Officers make traffic stops based on “triggers” — indicators that something could be amiss, Anderson said. “You look for things that don’t match,” he said, such as a new license plate on a vehicle that is coated with grime and in poor condition. “Those are things that tend to not go together,” he said.
“Then you have the expired paper plates that are unreadable because they’ve been in the weather for a length of time,” Anderson said.
Police are also trained to look for several clues that a driver is impaired, either by alcohol or other substances, Anderson said. Those can include weaving, crossing left of center, or randomly speeding up, then slowing down. An officer seeing those or other triggers has what is called “probable cause” to stop the driver.
Whitestown officers can check a license plate remotely, using an in-car camera. If the registration description doesn’t match the vehicle, officers will stop the driver.
Between July 5 and July 7, Whitestown officers made eight traffic stops, according to police records.
Of those, five drivers were either black or not white, based on categories selected by officers. Only one of the drivers was from Whitestown, and that person was not described as black.
Two of the three black or non-white drivers stopped on July 5 were charged with driving on a suspended license; the other was charged with never having gotten a license. All were from Indianapolis.
The other stops on July 5 were of a Whitestown resident, and a Bloomington resident, both white, who were charged with operating a vehicle while intoxicated.
Despite the statistics for that weekend, no racial profiling was involved in the arrests, Anderson said. Anderson said WPD does not profile drivers.
Determining the race of an individual driver who is passing an officer either parked at the roadside or on patrol at night is “an impossible task, in my opinion,” Anderson said.
Attempting to draw the conclusion that the department is racially profiling drivers based on actions during a three-day period in July is neither valid nor fair, he added.

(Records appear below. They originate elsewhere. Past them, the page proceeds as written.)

(* Let $\mathcal{U}$ be a $Sob$ effect algebra on a complex Hilbert space $H$. Then $\mathcal{U}$ is convex if and only if $A\in\mathcal{U}$ and $0\le\lambda\le1$ imply $\lambda A\in\mathcal{U}$.
   Context: $\mathcal{E}(H)$ is the set of effects ($0\le a\le I$). A sub-observable with outcome space $(\Omega,\mathcal{F})$ is a map $\mathcal{F}\to\mathcal{E}(H)$ countably additive in the strong operator topology; it is an observable if its value on $\Omega$ is $I$; $Sob(H)$ is the set of sub-observables, with pointwise linear operations. A subset $\mathcal{U}\subseteq Sob(H)$ all of whose elements have the same outcome space is a $Sob$ effect algebra if: (S1) there is an observable $Z\in\mathcal{U}$; (S2) $A\in\mathcal{U}$ implies $Z-A\in\mathcal{U}$; (S3) $A,B\in\mathcal{U}$ and $A+B\in Sob(H)$ imply $A+B\in\mathcal{U}$. A subset $\mathcal{V}\subseteq Sob(H)$ is convex if whenever $A_i\in\mathcal{V}$, $0\le\lambda_i\le1$ ($i=1,\dots,n$) and $\sum_{i=1}^n\lambda_i=1$, we have $\sum_{i=1}^n\lambda_iA_i\in\mathcal{V}$. *)

From HB Require Import structures.
From mathcomp Require Import all_boot all_order all_algebra.
From mathcomp Require Import complex.
From mathcomp Require Import classical_sets boolp reals measure.
Set Implicit Arguments. Unset Strict Implicit. Unset Printing Implicit Defensive.
Import Order.TTheory GRing.Theory Num.Theory.
Local Open Scope ring_scope.
Local Open Scope classical_set_scope.
Local Open Scope complex_scope.

Section Hilbert.
Variables (R : realType) (H : lmodType R[i]) (ip : H -> H -> R[i]).

Definition hnorm (x : H) : R := Num.sqrt (complex.Re (ip x x)).

Definition hconv (u : nat -> H) (l : H) : Prop :=
  forall e : R, 0 < e -> exists N : nat, forall n, (N <= n)%N -> hnorm (u n - l) < e.
Definition hcauchy (u : nat -> H) : Prop :=
  forall e : R, 0 < e -> exists N : nat, forall m n, (N <= m)%N -> (N <= n)%N ->
    hnorm (u m - u n) < e.

Record is_hilbert : Prop := IsHilbert {
  ip_linear : forall (a : R[i]) (x y z : H), ip (a *: x + y) z = a * ip x z + ip y z;
  ip_conj : forall x y : H, ip y x = conjc (ip x y);
  ip_ge0 : forall x : H, 0 <= ip x x;
  ip_eq0 : forall x : H, ip x x = 0 -> x = 0;
  ip_complete : forall u : nat -> H, hcauchy u -> exists l, hconv u l }.

Definition is_bounded_op (a : H -> H) : Prop :=
  (forall (c : R[i]) (x y : H), a (c *: x + y) = c *: a x + a y) /\
  exists M : R, forall x, hnorm (a x) <= M * hnorm x.

(* effects: self-adjoint bounded operators with 0 <= a <= I *)
Definition is_effect (a : H -> H) : Prop :=
  is_bounded_op a /\ (forall x y, ip (a x) y = ip x (a y)) /\
  (forall x, 0 <= ip (a x) x) /\ (forall x, 0 <= ip (x - a x) x).

Variables (d : measure_display) (Omega : measurableType d).

Definition mset := {E : set Omega | measurable E}.

Definition opfun := mset -> H -> H.

Definition opadd (A B : opfun) : opfun := fun E x => A E x + B E x.
Definition opsub (A B : opfun) : opfun := fun E x => A E x - B E x.
Definition opscale (l : R) (A : opfun) : opfun := fun E x => l%:C *: A E x.
Definition opsum (n : nat) (l : 'I_n -> R) (A : 'I_n -> opfun) : opfun :=
  fun E x => \sum_(i < n) (l i)%:C *: A i E x.

(* sub-observables: effect-valued, countably additive in the strong operator
   topology *)
Definition is_sob (A : opfun) : Prop :=
  (forall E, is_effect (A E)) /\
  (forall (F : nat -> mset) (G : mset),
     trivIset setT (fun n => proj1_sig (F n)) ->
     proj1_sig G = \bigcup_n proj1_sig (F n) ->
     forall x : H, hconv (fun n => \sum_(k < n) A (F k) x) (A G x)).

Definition is_observable (A : opfun) : Prop :=
  is_sob A /\ forall E : mset, proj1_sig E = setT -> forall x, A E x = x.

(* Sob effect algebras (conditions S1-S3) *)
Definition sob_effect_algebra (U : set opfun) : Prop :=
  (forall A, U A -> is_sob A) /\
  (exists Z, U Z /\ is_observable Z /\ (forall A, U A -> U (opsub Z A))) /\
  (forall A B, U A -> U B -> is_sob (opadd A B) -> U (opadd A B)).

Definition convex_sob (U : set opfun) : Prop :=
  forall (n : nat) (A : 'I_n -> opfun) (l : 'I_n -> R),
    (forall i, U (A i)) -> (forall i, 0 <= l i <= 1) -> \sum_(i < n) l i = 1 ->
    U (opsum l A).

End Hilbert.

(** The zero sub-observable [Z - Z] lies in [U], so [l A = l A + (1 - l) 0] is
    a convex combination; this gives one direction.  Conversely, build
    [\sum_i l_i A_i] one summand at a time.  Every partial sum is a sub-convex
    combination (nonnegative weights of total at most 1) of sub-observables,
    hence itself a sub-observable, because the effects form a convex set
    containing 0 and strong convergence is preserved by finite linear
    combinations.  So axiom (S3) lets us add the next summand [l_i A_i], which
    lies in [U] by the scaling hypothesis. *)

From HB Require Import structures.
From mathcomp Require Import all_boot all_order all_algebra.
From mathcomp Require Import complex.
From mathcomp Require Import classical_sets boolp reals measure.
From mathcomp Require Import ring lra.
Import Order.TTheory GRing.Theory Num.Theory.
Local Open Scope ring_scope.
Local Open Scope classical_set_scope.
Local Open Scope complex_scope.
Set Implicit Arguments. Unset Strict Implicit.

Section HilbertSpace.
Variables (R : realType) (H : lmodType R[i]) (ip : H -> H -> R[i]).
Hypothesis hH : is_hilbert ip.

Lemma ipDl x y z : ip (x + y) z = ip x z + ip y z.
Proof. by rewrite -[x in LHS]scale1r (ip_linear hH) mul1r. Qed.

Lemma ip0l z : ip 0 z = 0.
Proof. by apply: (addrI (ip 0 z)); rewrite addr0 -ipDl addr0. Qed.

Lemma ipZl c x z : ip (c *: x) z = c * ip x z.
Proof. by rewrite -[c *: x]addr0 (ip_linear hH) ip0l addr0. Qed.

Lemma ipNl x z : ip (- x) z = - ip x z.
Proof. by rewrite -scaleN1r ipZl mulN1r. Qed.

Lemma ipDr x y z : ip z (x + y) = ip z x + ip z y.
Proof. by rewrite (ip_conj hH) ipDl rmorphD /= -!(ip_conj hH). Qed.

Lemma ipNr x z : ip z (- x) = - ip z x.
Proof. by rewrite (ip_conj hH) ipNl rmorphN /= -(ip_conj hH). Qed.

Lemma ipZr c x z : ip z (c *: x) = conjc c * ip z x.
Proof. by rewrite (ip_conj hH) ipZl rmorphM /= -(ip_conj hH). Qed.

Lemma ip_suml n (g : 'I_n -> H) y :
  ip (\sum_(i < n) g i) y = \sum_(i < n) ip (g i) y.
Proof. exact: (big_morph (ip^~ y) (fun a b => ipDl a b y) (ip0l y)). Qed.

Lemma ip_sumr n (g : 'I_n -> H) y :
  ip y (\sum_(i < n) g i) = \sum_(i < n) ip y (g i).
Proof.
rewrite (ip_conj hH) ip_suml rmorph_sum /=.
by apply: eq_bigr => i _; rewrite -(ip_conj hH).
Qed.

Lemma hnorm_ge0 x : 0 <= hnorm ip x.
Proof. exact: sqrtr_ge0. Qed.

Lemma ip_normE x : ip x x = ((hnorm ip x) ^+ 2)%:C.
Proof.
have Re_ge0 : 0 <= complex.Re (ip x x).
  by move: (ip_ge0 hH x); rewrite lecE => /andP[].
by rewrite /hnorm sqr_sqrtr // RRe_real // ger0_real ?(ip_ge0 hH).
Qed.

Lemma hnorm0 : hnorm ip 0 = 0.
Proof. by rewrite /hnorm ip0l /= sqrtr0. Qed.

Lemma hnormZ (l : R) x : hnorm ip (l%:C *: x) = `|l| * hnorm ip x.
Proof.
have /complexI sqr_eq : ((hnorm ip (l%:C *: x)) ^+ 2)%:C = ((`|l| * hnorm ip x) ^+ 2)%:C.
  rewrite -ip_normE ipZl ipZr conjc_real ip_normE.
  by rewrite exprMn real_normK ?num_real // !rmorphM /=; ring.
apply/eqP; rewrite -(@eqrXn2 _ 2) ?sqr_eq //.
  exact: hnorm_ge0.
by rewrite mulr_ge0 ?hnorm_ge0.
Qed.

(* The parallelogram law gives this weak triangle inequality, which is all the
   convergence arguments below need (no Cauchy-Schwarz). *)
Lemma hnormD_le x y : hnorm ip (x + y) <= 2 * (hnorm ip x + hnorm ip y).
Proof.
have parallelogram : ((hnorm ip (x + y)) ^+ 2 + (hnorm ip (x - y)) ^+ 2)%:C
    = (2 * (hnorm ip x) ^+ 2 + 2 * (hnorm ip y) ^+ 2)%:C.
  rewrite rmorphD /= -!ip_normE !ipDl !ipDr !ipNl !ipNr !ip_normE.
  rewrite !rmorphD !rmorphM /= [2%:C]rmorphMn /= rmorph1; ring.
move/complexI: parallelogram.
have := hnorm_ge0 (x + y); have := hnorm_ge0 (x - y).
have := hnorm_ge0 x; have := hnorm_ge0 y.
nra.
Qed.

Lemma bounded_sum n (f : 'I_n -> H -> H) :
  (forall i, exists M : R, forall x, hnorm ip (f i x) <= M * hnorm ip x) ->
  exists M : R, forall x, hnorm ip (\sum_(i < n) f i x) <= M * hnorm ip x.
Proof.
elim: n f => [|n IH] f f_bnd.
  by exists 0 => x; rewrite big_ord0 hnorm0 mul0r.
have [M1 bnd1] := IH (fun i => f (widen_ord (leqnSn n) i)) (fun i => f_bnd _).
have [M2 bnd2] := f_bnd ord_max.
exists (2 * (M1 + M2)) => x; rewrite big_ord_recr /=.
have := hnormD_le (\sum_(i < n) f (widen_ord (leqnSn n) i) x) (f ord_max x).
have := bnd1 x; have := bnd2 x; lra.
Qed.

Lemma hconvD u v a b :
  hconv ip u a -> hconv ip v b -> hconv ip (fun n => u n + v n) (a + b).
Proof.
move=> cvg_u cvg_v e e_gt0.
have e4_gt0 : 0 < e / 4 by rewrite divr_gt0.
have [N1 near_u] := cvg_u _ e4_gt0; have [N2 near_v] := cvg_v _ e4_gt0.
exists (maxn N1 N2) => n n_ge.
have := near_u n (leq_trans (leq_maxl _ _) n_ge).
have := near_v n (leq_trans (leq_maxr _ _) n_ge).
rewrite opprD addrACA.
have := hnormD_le (u n - a) (v n - b); lra.
Qed.

Lemma hconvZ (l : R) u a :
  hconv ip u a -> hconv ip (fun n => l%:C *: u n) (l%:C *: a).
Proof.
move=> cvg_u e e_gt0.
have l1_gt0 : 0 < `|l| + 1 by rewrite ltr_wpDl.
have [N near_u] := cvg_u _ (divr_gt0 e_gt0 l1_gt0).
exists N => n n_ge; rewrite -scalerBr hnormZ.
have := near_u n n_ge; rewrite ltr_pdivlMr // => lt_e.
have := hnorm_ge0 (u n - a); have := normr_ge0 l; nra.
Qed.

Lemma hconv_sum n (u : 'I_n -> nat -> H) (a : 'I_n -> H) :
  (forall i, hconv ip (u i) (a i)) ->
  hconv ip (fun N => \sum_(i < n) u i N) (\sum_(i < n) a i).
Proof.
elim: n u a => [|n IH] u a cvg_u.
  by move=> e e_gt0; exists 0%N => N _; rewrite !big_ord0 subrr hnorm0.
rewrite big_ord_recr.
under eq_fun do rewrite big_ord_recr.
apply: hconvD; last exact: cvg_u.
exact: IH (fun i => u (widen_ord (leqnSn n) i)) _ (fun i => cvg_u _).
Qed.

Lemma bounded_op_lincomb n (a : 'I_n -> H -> H) (l : 'I_n -> R) :
  (forall i, is_bounded_op ip (a i)) ->
  is_bounded_op ip (fun x => \sum_(i < n) (l i)%:C *: a i x).
Proof.
move=> a_bnd; split.
  move=> c x y; rewrite scaler_sumr -big_split /=; apply: eq_bigr => i _.
  by rewrite (a_bnd i).1 scalerDr !scalerA mulrC.
apply: (bounded_sum (f := fun i x => (l i)%:C *: a i x)) => i.
have [M bndM] := (a_bnd i).2.
exists (`|l i| * M) => x; rewrite hnormZ -mulrA.
by rewrite ler_wpM2l ?normr_ge0.
Qed.

Lemma effect_subconvex n (a : 'I_n -> H -> H) (l : 'I_n -> R) :
  (forall i, is_effect ip (a i)) -> (forall i, 0 <= l i) ->
  \sum_(i < n) l i <= 1 ->
  is_effect ip (fun x => \sum_(i < n) (l i)%:C *: a i x).
Proof.
move=> a_eff l_ge0 l_sum; split; [|split; [|split]].
- by apply: bounded_op_lincomb => i; have [] := a_eff i.
- move=> x y; rewrite ip_suml ip_sumr; apply: eq_bigr => i _.
  have [_ [a_sa _]] := a_eff i.
  by rewrite ipZl ipZr conjc_real a_sa.
- move=> x; rewrite ip_suml; apply: sumr_ge0 => i _.
  have [_ [_ [a_ge0 _]]] := a_eff i.
  by rewrite ipZl mulr_ge0 ?ler0c.
- move=> x; rewrite ipDl ipNl ip_suml subr_ge0.
  apply: (@le_trans _ _ (\sum_(i < n) (l i)%:C * ip x x)).
    apply: ler_sum => i _; have [_ [_ [_ a_le1]]] := a_eff i.
    move: (a_le1 x); rewrite ipDl ipNl subr_ge0 => a_le.
    by rewrite ipZl ler_wpM2l ?ler0c.
  rewrite -mulr_suml -rmorph_sum /= ler_piMl ?(ip_ge0 hH) //.
  by rewrite -(rmorph1 (real_complex R)) lecR.
Qed.

Variables (d : measure_display) (Omega : measurableType d).

Lemma sob_subconvex n (A : 'I_n -> opfun H Omega) (l : 'I_n -> R) :
  (forall i, is_sob ip (A i)) -> (forall i, 0 <= l i) ->
  \sum_(i < n) l i <= 1 -> is_sob ip (opsum l A).
Proof.
move=> A_sob l_ge0 l_sum; split.
  by move=> E; apply: effect_subconvex => // i; apply: (A_sob i).1.
move=> F G F_disj G_cup x.
have -> : (fun N => \sum_(k < N) opsum l A (F k) x) =
          (fun N => \sum_(i < n) (l i)%:C *: \sum_(k < N) A i (F k) x).
  apply: funext => N; rewrite /opsum exchange_big /=.
  by apply: eq_bigr => i _; rewrite scaler_sumr.
apply: hconv_sum => i; apply: hconvZ.
exact: (A_sob i).2 F G F_disj G_cup x.
Qed.

End HilbertSpace.

Section OperatorFunctions.
Variables (R : realType) (H : lmodType R[i]).
Variables (d : measure_display) (Omega : measurableType d).

Definition opzero : opfun H Omega := fun _ _ => 0.

Lemma opsum0 (A : 'I_0 -> opfun H Omega) (l : 'I_0 -> R) : opsum l A = opzero.
Proof. by apply: funext => E; apply: funext => x; rewrite /opsum big_ord0. Qed.

Lemma opsum_recr n (A : 'I_n.+1 -> opfun H Omega) (l : 'I_n.+1 -> R) :
  opsum l A = opadd (opsum (fun i => l (widen_ord (leqnSn n) i))
                           (fun i => A (widen_ord (leqnSn n) i)))
                    (opscale (l ord_max) (A ord_max)).
Proof.
by apply: funext => E; apply: funext => x; rewrite /opsum /opadd big_ord_recr.
Qed.

Lemma opscale_opsum2 (A : opfun H Omega) (l : R) :
  opscale l A = opsum [ffun i : 'I_2 => if i == ord0 then l else 1 - l]
                      [ffun i : 'I_2 => if i == ord0 then A else opzero].
Proof.
apply: funext => E; apply: funext => x.
by rewrite /opsum !big_ord_recl big_ord0 !ffunE /= scaler0 !addr0.
Qed.

End OperatorFunctions.

Arguments opzero {R H d Omega}.

Section EffectAlgebra.
Variables (R : realType) (H : lmodType R[i]) (ip : H -> H -> R[i]).
Variables (d : measure_display) (Omega : measurableType d).
Variable U : set (opfun H Omega).
Hypothesis U_alg : sob_effect_algebra ip U.

Lemma sob_effect_algebra_zero : U opzero.
Proof.
have [_ [[Z [UZ [_ U_compl]]] _]] := U_alg.
suff <- : opsub Z Z = opzero by exact: U_compl Z UZ.
by apply: funext => E; apply: funext => x; rewrite /opsub subrr.
Qed.

Lemma convex_scale_closed :
  convex_sob U -> forall A l, U A -> 0 <= l <= 1 -> U (opscale l A).
Proof.
move=> U_convex A l UA /andP[l_ge0 l_le1]; rewrite opscale_opsum2.
apply: U_convex => [i|i|]; rewrite ?ffunE.
- by case: eqP => _; [exact: UA | exact: sob_effect_algebra_zero].
- by case: eqP => _; apply/andP; split; lra.
- by rewrite !big_ord_recl big_ord0 !ffunE /=; lra.
Qed.

Lemma scale_closed_subconvex : is_hilbert ip ->
  (forall A l, U A -> 0 <= l <= 1 -> U (opscale l A)) ->
  forall n (A : 'I_n -> opfun H Omega) (l : 'I_n -> R),
    (forall i, U (A i)) -> (forall i, 0 <= l i) -> \sum_(i < n) l i <= 1 ->
    U (opsum l A).
Proof.
have [U_sob [_ U_add]] := U_alg.
move=> hH scale_closed; elim=> [|n IH] A l UA l_ge0 l_sum.
  by rewrite opsum0; exact: sob_effect_algebra_zero.
have l'_ge0 : 0 <= \sum_(i < n) l (widen_ord (leqnSn n) i) by rewrite sumr_ge0.
have l'_sum : \sum_(i < n) l (widen_ord (leqnSn n) i) + l ord_max <= 1.
  by rewrite -big_ord_recr.
have lmax_ge0 := l_ge0 ord_max.
rewrite opsum_recr; apply: U_add.
- by apply: IH => //; lra.
- by apply: scale_closed => //; apply/andP; split; lra.
- by rewrite -opsum_recr; apply: sob_subconvex => // i; exact: U_sob.
Qed.

End EffectAlgebra.

Unset Implicit Arguments. Set Strict Implicit.
Local Close Scope complex_scope.

Theorem theorem3p5 (R : realType) (H : lmodType R[i]) (ip : H -> H -> R[i])
  (hH : is_hilbert ip) (d : measure_display) (Omega : measurableType d)
  (U : set (opfun H Omega)) :
  sob_effect_algebra ip U ->
  (convex_sob U <->
   (forall (A : opfun H Omega) (l : R), U A -> 0 <= l <= 1 -> U (opscale l A))).
Proof.
move=> U_alg; split; first exact: (convex_scale_closed U_alg).
move=> scale_closed n A l UA l_01 l_sum.
apply: (scale_closed_subconvex U_alg hH scale_closed UA); last by rewrite l_sum.
by move=> i; have /andP[] := l_01 i.
Qed.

“You’d have to take a look, a much larger look, at what’s out there to make a determination, to say, ‘do we see a pattern or a trend?’” Anderson said.
Indiana’s police agencies write more than one million traffic tickets annually, according to the Indiana Supreme Court’s Judicial Technology and Automation Committee. Called the Electronic Citation and Warning System, the computer-based ticketing system allows officers to spend less time writing tickets and more time patrolling, while electronically distributing driver information to courts, the Bureau of Motor Vehicles, and other agencies.
Before eCWS, officers hand-wrote tickets — and copies were available for review, Anderson said.
“All I get is a report, once a month, that shows how many tickets the officer wrote,” Anderson said. To investigate further, he must request information from the state.
When stopping motorists, “you’re dealing with a huge cross section of the population,” he said, and for an overwhelming number of people, “the only true interaction they get with law enforcement is dealing with an officer during a traffic stop.”